What is being asked: When you reach the line containing "[rewrite -(hj 0)", stop after it; until then, copy each line of the listing exactly, starting with the first.

Materials provided:
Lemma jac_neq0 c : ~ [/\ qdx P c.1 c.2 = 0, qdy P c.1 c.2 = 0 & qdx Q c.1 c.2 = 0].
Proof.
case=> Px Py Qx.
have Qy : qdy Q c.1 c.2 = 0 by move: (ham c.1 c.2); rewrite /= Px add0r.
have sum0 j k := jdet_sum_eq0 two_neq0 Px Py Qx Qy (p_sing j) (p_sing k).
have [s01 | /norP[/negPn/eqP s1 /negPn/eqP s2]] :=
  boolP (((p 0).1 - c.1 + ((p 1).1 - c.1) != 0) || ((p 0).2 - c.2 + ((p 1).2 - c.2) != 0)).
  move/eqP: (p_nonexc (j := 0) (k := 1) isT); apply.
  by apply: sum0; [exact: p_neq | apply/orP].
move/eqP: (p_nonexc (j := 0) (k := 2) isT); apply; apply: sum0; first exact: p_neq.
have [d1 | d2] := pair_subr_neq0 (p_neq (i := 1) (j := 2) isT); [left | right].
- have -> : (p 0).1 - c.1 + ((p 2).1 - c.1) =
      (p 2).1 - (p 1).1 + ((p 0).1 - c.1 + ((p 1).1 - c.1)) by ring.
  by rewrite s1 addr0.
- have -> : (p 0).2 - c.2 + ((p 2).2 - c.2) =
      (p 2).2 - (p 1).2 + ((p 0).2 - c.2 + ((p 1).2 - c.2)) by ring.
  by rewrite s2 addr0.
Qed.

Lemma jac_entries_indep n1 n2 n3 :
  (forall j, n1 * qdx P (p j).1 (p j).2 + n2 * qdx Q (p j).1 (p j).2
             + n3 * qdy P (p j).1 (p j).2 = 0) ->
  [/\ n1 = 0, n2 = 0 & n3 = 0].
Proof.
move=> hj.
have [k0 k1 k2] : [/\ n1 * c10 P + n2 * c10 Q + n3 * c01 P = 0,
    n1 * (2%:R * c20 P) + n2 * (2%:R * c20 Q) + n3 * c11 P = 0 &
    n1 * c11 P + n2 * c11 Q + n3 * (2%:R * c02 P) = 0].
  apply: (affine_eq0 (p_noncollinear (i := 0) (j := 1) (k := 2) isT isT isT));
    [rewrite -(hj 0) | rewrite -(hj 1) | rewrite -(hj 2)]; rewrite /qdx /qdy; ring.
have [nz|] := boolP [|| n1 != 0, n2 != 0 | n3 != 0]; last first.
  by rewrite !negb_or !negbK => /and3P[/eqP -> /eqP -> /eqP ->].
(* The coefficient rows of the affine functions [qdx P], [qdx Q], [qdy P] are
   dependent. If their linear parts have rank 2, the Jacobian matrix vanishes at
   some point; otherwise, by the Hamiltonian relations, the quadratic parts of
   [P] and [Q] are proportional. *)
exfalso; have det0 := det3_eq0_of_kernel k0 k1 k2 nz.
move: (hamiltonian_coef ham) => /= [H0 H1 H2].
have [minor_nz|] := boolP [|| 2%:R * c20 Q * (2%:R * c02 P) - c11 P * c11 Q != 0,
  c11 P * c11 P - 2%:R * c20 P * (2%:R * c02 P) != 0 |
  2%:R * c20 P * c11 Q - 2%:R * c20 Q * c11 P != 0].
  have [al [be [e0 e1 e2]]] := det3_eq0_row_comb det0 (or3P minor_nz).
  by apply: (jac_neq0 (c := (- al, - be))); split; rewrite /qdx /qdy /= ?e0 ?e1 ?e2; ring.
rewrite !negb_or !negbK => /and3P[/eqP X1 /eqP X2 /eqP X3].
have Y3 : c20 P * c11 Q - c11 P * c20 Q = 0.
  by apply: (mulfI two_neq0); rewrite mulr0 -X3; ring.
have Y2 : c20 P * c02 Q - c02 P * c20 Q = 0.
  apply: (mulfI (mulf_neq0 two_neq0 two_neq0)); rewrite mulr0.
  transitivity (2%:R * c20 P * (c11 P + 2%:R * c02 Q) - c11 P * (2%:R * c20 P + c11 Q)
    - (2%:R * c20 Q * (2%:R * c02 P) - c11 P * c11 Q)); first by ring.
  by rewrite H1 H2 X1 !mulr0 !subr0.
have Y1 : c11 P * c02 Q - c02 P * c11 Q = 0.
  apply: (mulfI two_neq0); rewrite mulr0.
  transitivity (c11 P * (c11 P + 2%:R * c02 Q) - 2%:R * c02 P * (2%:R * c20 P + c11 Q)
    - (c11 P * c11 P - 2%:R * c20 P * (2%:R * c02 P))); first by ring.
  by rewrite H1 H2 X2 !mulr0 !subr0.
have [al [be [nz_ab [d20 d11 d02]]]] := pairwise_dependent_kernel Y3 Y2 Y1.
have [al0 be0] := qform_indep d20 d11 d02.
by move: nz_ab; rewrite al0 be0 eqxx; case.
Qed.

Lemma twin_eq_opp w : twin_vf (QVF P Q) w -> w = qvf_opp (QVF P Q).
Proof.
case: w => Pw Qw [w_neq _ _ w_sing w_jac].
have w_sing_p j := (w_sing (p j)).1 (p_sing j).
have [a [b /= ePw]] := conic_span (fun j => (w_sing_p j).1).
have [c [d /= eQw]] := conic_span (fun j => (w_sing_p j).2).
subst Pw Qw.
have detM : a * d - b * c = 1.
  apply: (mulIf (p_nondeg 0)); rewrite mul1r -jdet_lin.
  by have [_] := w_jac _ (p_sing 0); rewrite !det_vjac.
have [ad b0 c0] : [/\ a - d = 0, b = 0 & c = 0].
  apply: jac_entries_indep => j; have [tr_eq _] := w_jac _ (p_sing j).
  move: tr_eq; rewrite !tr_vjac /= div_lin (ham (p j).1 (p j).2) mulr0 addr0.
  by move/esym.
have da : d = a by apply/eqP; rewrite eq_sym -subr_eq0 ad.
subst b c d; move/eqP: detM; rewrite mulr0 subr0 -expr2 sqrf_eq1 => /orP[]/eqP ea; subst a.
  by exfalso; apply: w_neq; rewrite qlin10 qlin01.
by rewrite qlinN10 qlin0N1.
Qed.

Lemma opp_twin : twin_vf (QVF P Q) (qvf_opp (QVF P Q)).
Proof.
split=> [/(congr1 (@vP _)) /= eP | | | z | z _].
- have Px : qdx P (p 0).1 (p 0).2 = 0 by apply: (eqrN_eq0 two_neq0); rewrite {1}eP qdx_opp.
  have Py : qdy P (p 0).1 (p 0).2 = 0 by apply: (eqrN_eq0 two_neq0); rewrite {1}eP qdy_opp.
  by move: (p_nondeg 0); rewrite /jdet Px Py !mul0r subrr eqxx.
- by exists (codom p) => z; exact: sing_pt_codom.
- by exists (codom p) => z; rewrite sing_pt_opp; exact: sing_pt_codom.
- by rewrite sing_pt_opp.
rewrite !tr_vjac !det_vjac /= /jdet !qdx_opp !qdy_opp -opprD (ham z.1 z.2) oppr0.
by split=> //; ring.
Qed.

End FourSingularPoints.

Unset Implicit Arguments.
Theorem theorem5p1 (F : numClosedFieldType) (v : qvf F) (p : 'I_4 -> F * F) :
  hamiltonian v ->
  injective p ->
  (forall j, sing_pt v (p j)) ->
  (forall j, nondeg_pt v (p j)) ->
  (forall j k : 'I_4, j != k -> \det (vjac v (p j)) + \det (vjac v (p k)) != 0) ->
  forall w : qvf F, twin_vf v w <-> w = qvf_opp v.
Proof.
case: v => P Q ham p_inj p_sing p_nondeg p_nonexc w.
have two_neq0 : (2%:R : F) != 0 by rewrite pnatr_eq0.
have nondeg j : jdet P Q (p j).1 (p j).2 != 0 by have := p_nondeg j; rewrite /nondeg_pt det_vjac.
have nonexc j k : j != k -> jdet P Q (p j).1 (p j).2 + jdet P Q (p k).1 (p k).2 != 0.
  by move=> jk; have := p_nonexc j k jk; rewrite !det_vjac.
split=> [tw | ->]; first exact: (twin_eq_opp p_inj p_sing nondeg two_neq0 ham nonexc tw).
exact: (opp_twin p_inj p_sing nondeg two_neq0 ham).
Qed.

Written reply:
Lemma jac_neq0 c : ~ [/\ qdx P c.1 c.2 = 0, qdy P c.1 c.2 = 0 & qdx Q c.1 c.2 = 0].
Proof.
case=> Px Py Qx.
have Qy : qdy Q c.1 c.2 = 0 by move: (ham c.1 c.2); rewrite /= Px add0r.
have sum0 j k := jdet_sum_eq0 two_neq0 Px Py Qx Qy (p_sing j) (p_sing k).
have [s01 | /norP[/negPn/eqP s1 /negPn/eqP s2]] :=
  boolP (((p 0).1 - c.1 + ((p 1).1 - c.1) != 0) || ((p 0).2 - c.2 + ((p 1).2 - c.2) != 0)).
  move/eqP: (p_nonexc (j := 0) (k := 1) isT); apply.
  by apply: sum0; [exact: p_neq | apply/orP].
move/eqP: (p_nonexc (j := 0) (k := 2) isT); apply; apply: sum0; first exact: p_neq.
have [d1 | d2] := pair_subr_neq0 (p_neq (i := 1) (j := 2) isT); [left | right].
- have -> : (p 0).1 - c.1 + ((p 2).1 - c.1) =
      (p 2).1 - (p 1).1 + ((p 0).1 - c.1 + ((p 1).1 - c.1)) by ring.
  by rewrite s1 addr0.
- have -> : (p 0).2 - c.2 + ((p 2).2 - c.2) =
      (p 2).2 - (p 1).2 + ((p 0).2 - c.2 + ((p 1).2 - c.2)) by ring.
  by rewrite s2 addr0.
Qed.

Lemma jac_entries_indep n1 n2 n3 :
  (forall j, n1 * qdx P (p j).1 (p j).2 + n2 * qdx Q (p j).1 (p j).2
             + n3 * qdy P (p j).1 (p j).2 = 0) ->
  [/\ n1 = 0, n2 = 0 & n3 = 0].
Proof.
move=> hj.
have [k0 k1 k2] : [/\ n1 * c10 P + n2 * c10 Q + n3 * c01 P = 0,
    n1 * (2%:R * c20 P) + n2 * (2%:R * c20 Q) + n3 * c11 P = 0 &
    n1 * c11 P + n2 * c11 Q + n3 * (2%:R * c02 P) = 0].
  apply: (affine_eq0 (p_noncollinear (i := 0) (j := 1) (k := 2) isT isT isT));
    [rewrite -(hj 0) | rewrite -(hj 1) | rewrite -(hj 2)]; rewrite /qdx /qdy; ring.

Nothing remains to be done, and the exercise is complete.